## Record extracts
Lemma bounded_opD T S : bounded_op T -> bounded_op S -> bounded_op (op_add T S).
Proof.
move=> hT hS; have [MT MT0 hMT] := bounded_op_bound hT.
have [MS MS0 hMS] := bounded_op_bound hS.
case: hT hS => [TD [TZ _]] [SD [SZ _]]; split; [|split].
- by move=> x y; rewrite /op_add TD SD addrACA.
- by move=> a x; rewrite /op_add TZ SZ scalerDr.
exists (Num.sqrt (2%:R * (MT ^+ 2 + MS ^+ 2))) => x.
rewrite /hnorm -sqrtrM ?mulr_ge0 ?addr_ge0 ?sqr_ge0 //; apply: ler_wsqrtr.
apply: le_trans (sqnormD_le _ _ _) _; rewrite -mulrA ler_wpM2l // mulrDl.
rewrite -/(sqnorm x) -!hnorm_sqr -!exprMn.
by apply: lerD; apply: lerXn2r; rewrite ?nnegrE ?mulr_ge0 ?hnorm_ge0.
Qed.

Lemma bounded_opM T S : bounded_op T -> bounded_op S -> bounded_op (op_mul T S).
Proof.
move=> hT hS; have [MT MT0 hMT] := bounded_op_bound hT.
have [MS MS0 hMS] := bounded_op_bound hS.
case: hT hS => [TD [TZ _]] [SD [SZ _]]; split; [|split].
- by move=> x y; rewrite /op_mul SD TD.
- by move=> a x; rewrite /op_mul SZ TZ.
exists (MT * MS) => x; rewrite /op_mul -mulrA.
by apply: le_trans (hMT _) _; rewrite ler_wpM2l.
Qed.

Lemma bounded_opZ a T : bounded_op T -> bounded_op (op_scale a T).
Proof.
move=> hT; have [M M0 hM] := bounded_op_bound hT.
case: hT => [TD [TZ _]]; split; [|split].
- by move=> x y; rewrite /op_scale TD scalerDr.
- by move=> b x; rewrite /op_scale TZ !scalerA mulrC.
exists (normc a * M) => x; rewrite /op_scale hnormZ -mulrA.
by rewrite ler_wpM2l ?normc_ge0.
Qed.

Lemma adj_op_unique T A : is_adjoint H T A -> adj T = A.
Proof.
move=> hA; have hadj : is_adjoint H T (adj T) by apply: epsilon_spec; exists A.
by apply: funext => y; apply: (@ip_eqr _ _ H) => x; rewrite -hadj hA.
Qed.
Lemma hsub_split (x y z : X) : hsub x z = hs_add X (hsub x y) (hsub y z).
Proof.
  unfold hsub. rewrite <- hs_add_assoc, (hs_add_assoc _ (hs_opp X y) y).
  rewrite (hs_add_comm _ (hs_opp X y) y), hs_add_opp, hs_add_0_l. reflexivity.
Qed.

Lemma hs_inner_add_r (x y z : X) :
  hs_inner X x (hs_add X y z) = hs_inner X x y + hs_inner X x z.
Proof.
  rewrite hs_inner_sym, hs_inner_add_l, (hs_inner_sym _ y), (hs_inner_sym _ z). ring.
Qed.

Lemma hs_inner_scal_r a (x y : X) : hs_inner X x (hs_scal X a y) = a * hs_inner X x y.
Proof. rewrite hs_inner_sym, hs_inner_scal_l, hs_inner_sym. ring. Qed.

Lemma hs_inner_0_l (y : X) : hs_inner X (hs_zero X) y = 0.
Proof. rewrite <- (hs_scal_0 (hs_zero X)), hs_inner_scal_l. ring. Qed.

Lemma hs_inner_add_scal (a b : X) t :
  hs_inner X (hs_add X a (hs_scal X t b)) (hs_add X a (hs_scal X t b)) =
  hs_inner X a a + 2 * t * hs_inner X a b + t * t * hs_inner X b b.
Proof.
  rewrite hs_inner_add_l, !hs_inner_add_r, !hs_inner_scal_l, !hs_inner_scal_r,
    (hs_inner_sym _ b a).
  ring.
Qed.
(* |U_t|_K for the code vertices (U = P or R) and X-check vertices (U = B or C) of layer t *)
Definition cntQ n mz mx T (K : {set Bulk n mz mx T}) (f : Bulk n mz mx T -> bool) (t : nat) : nat :=
  #|[set v in K | [&& is_q (val v), lay (val v) == t & f v]]|.
Definition cntX n mz mx T (K : {set Bulk n mz mx T}) (f : Bulk n mz mx T -> bool) (t : nat) : nat :=
  #|[set v in K | [&& is_x (val v), lay (val v) == t & f v]]|.

Definition css_ldpc n mz mx (l : nat) (HX : 'M['F_2]_(mx, n)) (HZ : 'M['F_2]_(mz, n)) : Prop :=
  [/\ \rank HX = mx, \rank HZ = mz & (HX *m HZ^T = 0)%R] /\
  [/\ (forall c, #|[set i | HX c i != 0%R]| <= l),
      (forall c, #|[set i | HZ c i != 0%R]| <= l) &
      (forall i, #|[set c | HX c i != 0%R]| + #|[set c | HZ c i != 0%R]| <= l)].

From mathcomp Require Import all_boot all_algebra.
From mathcomp Require Import zify.

Set Implicit Arguments.
Unset Strict Implicit.
Unset Printing Implicit Defensive.

(* Let beta' agree with eta on K and with beta elsewhere.  It has the same
   meta-syndrome as beta: Z-type meta-checks contain no vertex of Gamma_X, hence
   none of K; an X-type meta-check either misses K, or meets K, and then every
   marked vertex of its support is adjacent to a vertex of K, so lies in K by
   maximality, and beta' = eta on the whole support.  Minimality of the decoder
   output gives |beta| <= |beta'|, and the two weights differ only on K. *)

Lemma card_set_sum (T : finType) (P : pred T) :
  #|[set v | P v]| = \sum_v (P v : nat).
Proof.
rewrite -sum1dep_card big_mkcond; apply: eq_bigr => v _; by case: (P v).
Qed.

Lemma card_setI_sum (T : finType) (A : {set T}) (P : pred T) :
  #|[set v in A | P v]| = \sum_(v in A) (P v : nat).
Proof.
rewrite card_set_sum [RHS]big_mkcond; apply: eq_bigr => v _; by case: (v \in A).
Qed.

Lemma sum_nat_pick (a b s : nat) (g : nat -> nat) (x : bool) :
  injective g -> a <= s < b ->
  \sum_(a <= t < b) ((g s == g t) && x : nat) = x.
Proof.
move=> g_inj hs.
rewrite (bigD1_seq s) ?mem_index_iota ?iota_uniq //= eqxx big1_seq ?addn0 //.
by move=> t /andP [ts _]; rewrite (inj_eq g_inj) eq_sym (negbTE ts).
Qed.

Definition splice (T : Type) (K : pred T) (f g : T -> bool) (v : T) : bool :=
  if K v then f v else g v.

Lemma sum_le_splice (T : finType) (K : {set T}) (f g : T -> bool) :
  #|[set v | g v]| <= #|[set v | splice (mem K) f g v]| ->
  \sum_(v in K) (g v : nat) <= \sum_(v in K) (f v : nat).
Proof.
rewrite !card_set_sum (bigID (mem K)) [X in _ <= X](bigID (mem K)) /=.
have -> : \sum_(v | v \notin K) (splice (mem K) f g v : nat)
          = \sum_(v | v \notin K) (g v : nat).
  by apply: eq_bigr => v /negbTE vK; rewrite /splice /= vK.
have -> : \sum_(v in K) (splice (mem K) f g v : nat) = \sum_(v in K) (f v : nat).
  by apply: eq_bigr => v vK; rewrite /splice /= vK.
by rewrite leq_add2r.
Qed.

Lemma dot2_eq_on n mz mx T (S : vtx n mz mx T -> bool) (f g : Bulk n mz mx T -> bool) :
  (forall v, S (val v) -> f v = g v) -> dot2 S f = dot2 S g.
Proof.
move=> fg; rewrite /dot2; congr odd; apply: eq_card => v; rewrite !inE.
by case Sv: (S _) => //=; rewrite fg.
Qed.

Section GammaX.

Variables (n mz mx T : nat) (HX : 'M['F_2]_(mx, n)).

Local Notation bulk := (Bulk n mz mx T).

Lemma gx_adj_sym : symmetric (@gx_adj n mz mx T HX).
Proof.
have adjC (u v : vtx n mz mx T) : gx_adj HX u v -> gx_adj HX v u.
  case/and4P=> gu gv uv /existsP [c /existsP [t /and3P [ot hu hv]]].
  rewrite /gx_adj gu gv eq_sym uv /=.
  by apply/existsP; exists c; apply/existsP; exists t; rewrite ot hu hv.
by move=> u v; apply/idP/idP; apply: adjC.
Qed.

Lemma gx_connected_setU1 (K : {set bulk}) (v w : bulk) :
  gx_connected HX K -> w \in K -> gx_adj HX (val v) (val w) ->
  gx_connected HX (v |: K).
Proof.
move=> conK wK avw.
set e := [rel x y : bulk | [&& x \in v |: K, y \in v |: K & gx_adj HX (val x) (val y)]].
have connK a b : a \in K -> b \in K -> connect e a b.
  move=> aK bK; apply: connect_sub (conK a b aK bK) => x y /and3P [xK yK axy].
  by apply: connect1; rewrite /= !in_setU1 xK yK axy !orbT.
have connw a : a \in v |: K -> connect e a w /\ connect e w a.
  case/setU1P=> [-> | aK]; last by split; apply: connK.
  have awv : gx_adj HX (val w) (val v) by rewrite gx_adj_sym.
  by split; apply: connect1; rewrite /= !in_setU1 eqxx wK ?avw ?awv orbT.
by move=> a b /connw [aw _] /connw [_ wb]; apply: connect_trans aw wb.
Qed.

Lemma max_marked_connected_adj (eta beta : bulk -> bool) (K : {set bulk}) (v w : bulk) :
  max_marked_connected HX eta beta K -> w \in K -> marked eta beta v ->
  gx_adj HX (val v) (val w) -> v \in K.
Proof.
case=> markK conK maxK wK mv avw.
have markvK : marked_set eta beta (v |: K) by move=> u /setU1P [-> | /markK].
by rewrite -(maxK _ (subsetUr [set v] K) markvK (gx_connected_setU1 conK wK avw)) setU11.
Qed.

Lemma xmeta_gx_vertex c t (u : vtx n mz mx T) :
  odd t -> 3 <= t <= T.*2.-1 -> xmeta HX c t u -> gx_vertex u.
Proof.
move=> ot ht; have [s def_t] : exists s, t = s.*2.+1.
  by exists t./2; rewrite -[t in LHS]odd_double_half ot add1n.
subst t.
case: u => [[[i|c']|c'] k]; rewrite /xmeta /gx_vertex //=.
- by case/andP=> /eqP ->; rewrite /= odd_double.
- by case/andP=> _ /orP [] /eqP ->; rewrite /= ?odd_double /=; lia.
Qed.

Lemma xmeta_gx_adj c t (u u' : vtx n mz mx T) :
  odd t -> 3 <= t <= T.*2.-1 -> xmeta HX c t u -> xmeta HX c t u' -> u != u' ->
  gx_adj HX u u'.
Proof.
move=> ot ht hu hu' uu'.
rewrite /gx_adj (xmeta_gx_vertex ot ht hu) (xmeta_gx_vertex ot ht hu') uu' /=.
have tT : t < T.*2.+2 by lia.
by apply/existsP; exists c; apply/existsP; exists (Ordinal tT); rewrite /= ot hu hu'.
Qed.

## What you are asked to do
Reproduce the entries above exactly, but only the lines between the line holding "#|[set v | g" and the line holding "have -> : \sum_(v in", inclusive.

## Exercise response
  #|[set v | g v]| <= #|[set v | splice (mem K) f g v]| ->
  \sum_(v in K) (g v : nat) <= \sum_(v in K) (f v : nat).
Proof.
rewrite !card_set_sum (bigID (mem K)) [X in _ <= X](bigID (mem K)) /=.
have -> : \sum_(v | v \notin K) (splice (mem K) f g v : nat)
          = \sum_(v | v \notin K) (g v : nat).
  by apply: eq_bigr => v /negbTE vK; rewrite /splice /= vK.
have -> : \sum_(v in K) (splice (mem K) f g v : nat) = \sum_(v in K) (f v : nat).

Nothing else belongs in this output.